Running swim test (or swim t for the lazy :)) presents us with the following error1
Error:
0: In {tb}
1: main::state_gen is generic which is currently unsupported in test benches
Which is a limitation of the spade python interface. To test our module, we'll need to create a dummy entity without any generic parameters, for now we'll use one with 10 LEDs.
entity state_gen_10(clk: clock, rst: bool, t: Timing) -> OutputControl<int<5>> {
inst state_gen(clk, rst, 10, t)
}
After updating the top to # top=main::state_gen_10 we can swim test again and we
should see a nice PASS (along with some other output which we'll ignore for now)
[INFO] Building spade compiler
Finished release [optimized] target(s) in 0.04s
[INFO] Built spade compiler
[INFO] build/spade.sv is up to date
[INFO] Building spade-python
Finished release [optimized] target(s) in 0.04s
[INFO] Built spade-python
-.--ns INFO cocotb.gpi ..mbed/gpi_embed.cpp:109 in set_program_name_in_venv Using Python virtual environment interpreter at /home/frans/Documents/spade/ws2812-spade/build/.env/bin/python
-.--ns INFO cocotb.gpi ../gpi/GpiCommon.cpp:99 in gpi_print_registered_impl VPI registered
/home/frans/Documents/spade/ws2812-spade/build/spade.sv:177: Warning: Calling system function $value$plusargs() as a task.
/home/frans/Documents/spade/ws2812-spade/build/spade.sv:177: The functions return value will be ignored.
/home/frans/Documents/spade/ws2812-spade/build/spade.sv:111: Warning: Calling system function $value$plusargs() as a task.
/home/frans/Documents/spade/ws2812-spade/build/spade.sv:111: The functions return value will be ignored.
0.00ns INFO Running on Icarus Verilog version 11.0 (stable)
0.00ns INFO Running tests with cocotb v1.6.2 from /home/frans/Documents/spade/ws2812-spade/build/.env/lib/python3.10/site-packages/cocotb
0.00ns INFO Seeding Python random module with 1657993983
0.00ns WARNING Pytest not found, assertion rewriting will not occur
0.00ns INFO Found test state_gen.normal_operation
0.00ns INFO running normal_operation (1/1)
state_gen.py.vcd
VCD info: dumpfile state_gen.py.vcd opened for output.
0.00ns INFO normal_operation passed
0.00ns INFO **************************************************************************************
** TEST STATUS SIM TIME (ns) REAL TIME (s) RATIO (ns/s) **
**************************************************************************************
** state_gen.normal_operation PASS 0.00 0.00 4.45 **
**************************************************************************************
** TESTS=1 PASS=1 FAIL=0 SKIP=0 0.00 0.00 0.26 **
**************************************************************************************
[INFO] Building vcd translator
Finished release [optimized] target(s) in 0.04s
[INFO] Built vcd translator
[INFO] Translating types in "./build/state_gen/state_gen.py.vcd"

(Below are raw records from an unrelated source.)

Lemma radix_floor_eq_dist t t' i :
  radix_floor t i = radix_floor t' i -> Rabs (t - t') < / INR (radix_prod i).
Proof.
  intro E. unfold radix_floor in E.
  pose proof (Int_part_bounds (t * INR (radix_prod i))).
  pose proof (Int_part_bounds (t' * INR (radix_prod i))). rewrite E in *.
  assert (HD : 0 < INR (radix_prod i)) by (apply lt_0_INR; pose proof (radix_prod_pos i); lia).
  assert (Rabs ((t - t') * INR (radix_prod i)) < 1) by (apply Rabs_def1; nra).
  rewrite Rabs_mult, (Rabs_pos_eq (INR (radix_prod i))) in H1 by lra.
  apply (Rmult_lt_reg_r (INR (radix_prod i))); [exact HD|]. rewrite Rinv_l; lra.
Qed.

Lemma coding_in_F_set (nu : nat -> nat) : (forall n, len n = S (nu n)) ->
  forall t, F_set nu (coding t).
Proof.
  intros Hlen t. unfold coding. set (a := digits (radix_floor t)).
  assert (Ha : forall i, (2 <= a i)%nat) by apply digits_ge2.
  split; [split; [|split]|].
  - pose proof (cf_tail_pos a Ha 0). pose proof (cf_tail_bounds a Ha 0). lra.
  - apply cf_tail_irrational, Ha.
  - intros n Hn. rewrite !cf_digit_cf_tail by (auto; lia).
    rewrite Nat.add_1_r. apply digits_increasing, Hn.
  - intro N. exists (bs N). pose proof (block_start_ge N). split; [lia | split; [lia|]].
    intros i Hi. rewrite <- Nat.lt_succ_r, <- Hlen in Hi.
    rewrite !cf_digit_cf_tail by (auto; lia).
    replace (bs N + i + 1)%nat with (bs N + (i + 1))%nat by lia.
    replace (bs N + i + 2)%nat with (bs N + (i + 2))%nat by lia.
    unfold a. rewrite !digits_block by lia. lia.
Qed.

(** * The counting estimate *)

Definition block_indicator (i : nat) : R := match block_of i with Some _ => 1 | None => 0 end.

Fixpoint block_log1p_sum (k : nat) : R :=
  match k with
  | O => 0
  | S k' => block_log1p_sum k' + block_indicator (S k') * log1p (S k')
  end.

Lemma block_log1p_sum_le k : block_log1p_sum k <= log1p_sum k.
Proof.
  induction k as [|k IH]; simpl; [lra|].
  pose proof (log1p_ge0 (S k)). unfold block_indicator. destruct (block_of (S k)); lra.
Qed.

Lemma block_log1p_sum_in_block j d : (d < len (bs j))%nat ->
  block_log1p_sum (bs j + d) - block_log1p_sum (bs j) = log1p_sum (bs j + d) - log1p_sum (bs j).
Proof.
  induction d as [|d IH]; intro Hd; [rewrite Nat.add_0_r; ring|].
  replace (bs j + S d)%nat with (S (bs j + d)) by lia. simpl.
  unfold block_indicator. rewrite (block_of_in_block (S (bs j + d)) j) by (unfold in_block; lia).
  pose proof (IH ltac:(lia)). lra.
Qed.

Lemma block_log1p_sum_le_before k E :
  (forall i, (1 <= i <= k)%nat -> block_of i <> None -> (i < E)%nat) ->
  block_log1p_sum k <= INR E * log1p k.
Proof.
  induction k as [|k IH]; intro HE; simpl.
  - pose proof (log1p_ge0 0). pose proof (pos_INR E). nra.
  - pose proof (log1p_mono k (S k) ltac:(lia)). pose proof (pos_INR E).
    unfold block_indicator. destruct (block_of (S k)) eqn:Eb.
    + assert (HkE : (S k < E)%nat) by (apply HE; [lia | congruence]).
      pose proof (block_log1p_sum_le k). pose proof (log1p_sum_le k). pose proof (log1p_ge0 k).
      apply lt_INR in HkE. rewrite S_INR in HkE. pose proof (pos_INR k). nra.
    + assert (block_log1p_sum k <= INR E * log1p k) by (apply IH; intros; apply HE; auto; lia).
      nra.
Qed.

Definition prev_block_end (j : nat) : nat :=
  match j with O => O | S j' => bs j' + len (bs j') end.

Lemma in_block_lt_prev_block_end j i :
  (1 <= i <= bs j)%nat -> block_of i <> None -> (i < prev_block_end j)%nat.
Proof.
  intros Hi Hb. destruct (block_of i) as [j'|] eqn:E; [|congruence].
  apply block_of_some in E. unfold in_block in E.
  assert (Hjj : (j' < j)%nat) by (apply block_start_lt_inv; lia).
  destruct j as [|j]; [lia|]. simpl.
  destruct (Nat.eq_dec j' j) as [->|Hne]; [lia|].
  pose proof (block_end_lt_start j' j ltac:(lia)). lia.
Qed.

Definition digit_bound (i : nat) : R := INR (digit_base (S i)).

Lemma digit_bound_ge2 i : 2 <= digit_bound i.
Proof. apply INR_ge2, digit_base_ge2. Qed.

Lemma digit_base_le_pow i : (digit_base (S i) <= 2 * S i ^ S M)%nat.
Proof.
  induction i as [|i IH].
  { change (digit_base 1) with (2 + 2 * fan 0)%nat. unfold fan.
    rewrite Nat.pow_0_l, Nat.pow_1_l by lia. lia. }
  change (digit_base (S (S i))) with (digit_base (S i) + 2 * fan (S i))%nat. unfold fan.
  pose proof (Nat.pow_le_mono_l (S i) (S (S i)) M ltac:(lia)).
  rewrite !Nat.pow_succ_r' in *. nia.
Qed.

Lemma ln_digit_bound_le i : (1 <= i)%nat -> ln (digit_bound i) <= (INR M + 2) * log1p i.
Proof.
  intro Hi. assert (Hi' : 1 <= INR i) by (apply (le_INR 1), Hi).
  assert (Hpow : digit_bound i <= 2 * (INR i + 1) ^ S M).
  { pose proof (digit_base_le_pow i) as H. apply le_INR in H.
    rewrite mult_INR, pow_INR, (S_INR i) in H. unfold digit_bound. simpl in H |- *. lra. }
  pose proof (digit_bound_ge2 i).
  eapply Rle_trans; [apply ln_le; [lra | exact Hpow]|].
  rewrite ln_mult, ln_pow, S_INR by (try apply pow_lt; lra).
  assert (ln 2 <= log1p i) by (apply ln_le; lra).
  pose proof (log1p_ge0 i). unfold log1p in *. nra.
Qed.

Lemma sum_ln_digit_bound_le k : sum_ln digit_bound k <= (INR M + 2) * log1p_sum k.
Proof. induction k; simpl; [lra | pose proof (ln_digit_bound_le (S k) ltac:(lia)); lra]. Qed.

(* Free positions contribute [ln (i ^ M) >= M (log1p i - ln 2)] to [ln (radix_prod k)]. *)
Lemma ln_radix_prod_ge k :
  INR M * (log1p_sum k - block_log1p_sum k) - INR M * ln 2 * INR k <= ln (INR (radix_prod k)).
Proof.
  assert (HM : 1 <= INR M) by (apply (le_INR 1), M_pos).
  induction k as [|k IH]; [simpl; rewrite ln_1; lra|].
  change (radix_prod (S k)) with (radix_prod k * radix (S k))%nat.
  pose proof (radix_prod_pos k). pose proof (radix_pos (S k) ltac:(lia)).
  rewrite mult_INR, ln_mult by (apply lt_0_INR; lia).
  simpl log1p_sum. simpl block_log1p_sum. rewrite S_INR. unfold block_indicator, radix.
  pose proof ln_lt_2. pose proof (log1p_succ_le k).
  destruct (block_of (S k)).
  - simpl INR. rewrite ln_1. nra.
  - unfold fan. rewrite pow_INR, ln_pow by (apply lt_0_INR; lia).
    assert (log1p (S k) <= ln 2 + ln (INR (S k))).
    { rewrite <- ln_mult by (try apply lt_0_INR; lia || lra).
      unfold log1p. rewrite S_INR. pose proof (pos_INR k). apply ln_le; lra. }
    nra.
Qed.

Section CountingGap.

Variables s beta : R.
Hypothesis s_ge0 : 0 <= s.
Hypothesis beta_ge0 : 0 <= beta.
Hypothesis M_large : 5 <= INR M * (1 - 2 * s * (1 + beta)).
Hypothesis len_le : forall j, INR (len (bs j)) <= beta * INR (bs j).
Hypothesis bs_sparse : forall j, (M * prev_block_end j <= bs j)%nat.

Definition sigma : R := 2 * s * (INR M + 2).

Definition block_threshold : R :=
  INR M * ln (INR M) + sigma * beta * ln (1 + beta) + INR M * ln 2 * (1 + beta).

Hypothesis bs_large : forall j, block_threshold <= log1p (bs j).

(* [ln (radix_prod k) - 2 s sum_ln digit_bound (S k)] is at least this quantity. *)
Definition counting_gap (k : nat) : R :=
  (INR M - sigma) * log1p_sum k - INR M * block_log1p_sum k - sigma * log1p (S k)
  - INR M * ln 2 * INR k.

Lemma INR_M_ge1 : 1 <= INR M.
Proof. apply (le_INR 1), M_pos. Qed.

Lemma sigma_ge0 : 0 <= sigma.
Proof. pose proof INR_M_ge1. unfold sigma. nra. Qed.

Lemma sigma_bound : 3 <= INR M - sigma.
Proof.
  pose proof INR_M_ge1. unfold sigma.
  assert (0 <= 2 * s * beta * (INR M + 2)) by (repeat apply Rmult_le_pos; lra).
  assert (2 * s * (1 + beta) < 1) by nra.
  nra.
Qed.

Lemma gap_factor_ge1 : 1 <= (INR M - sigma) * (1 - / INR M) - 1 - sigma * beta.
Proof.
  pose proof INR_M_ge1. pose proof sigma_bound.
  replace ((INR M - sigma) * (1 - / INR M)) with (INR M - sigma - 1 + sigma / INR M)
    by (field; lra).
  assert (0 <= sigma / INR M) by (apply Rdiv_le_0_compat; [apply sigma_ge0 | lra]).
  assert (sigma * (1 + beta) = 2 * s * (1 + beta) * (INR M + 2)) by (unfold sigma; ring).
  nra.
Qed.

[INFO] Translated VCD: ./build/state_gen/state_gen.py.translated.vcd
test/state_gen.py: PASS
The first time you run swim test, it will set up a
python environment with the required libraries which requires compiling a
separate part of the spade compiler. Don't be alarmed at the time swim test takes, or the amount of output the first time you run it in a new
project.
Writing Some Tests
Now we are ready to actually test our module. All spade test functions start
with s = SpadeExt(dut) which creates a nice spade interface around the cocotb
functions.
Since our entity is clocked, we need to generate a clock for it. This is done by starting a cocotb clock task like this. The exact clock frequency is not really important here, it only decides the mapping between simulation time and real time.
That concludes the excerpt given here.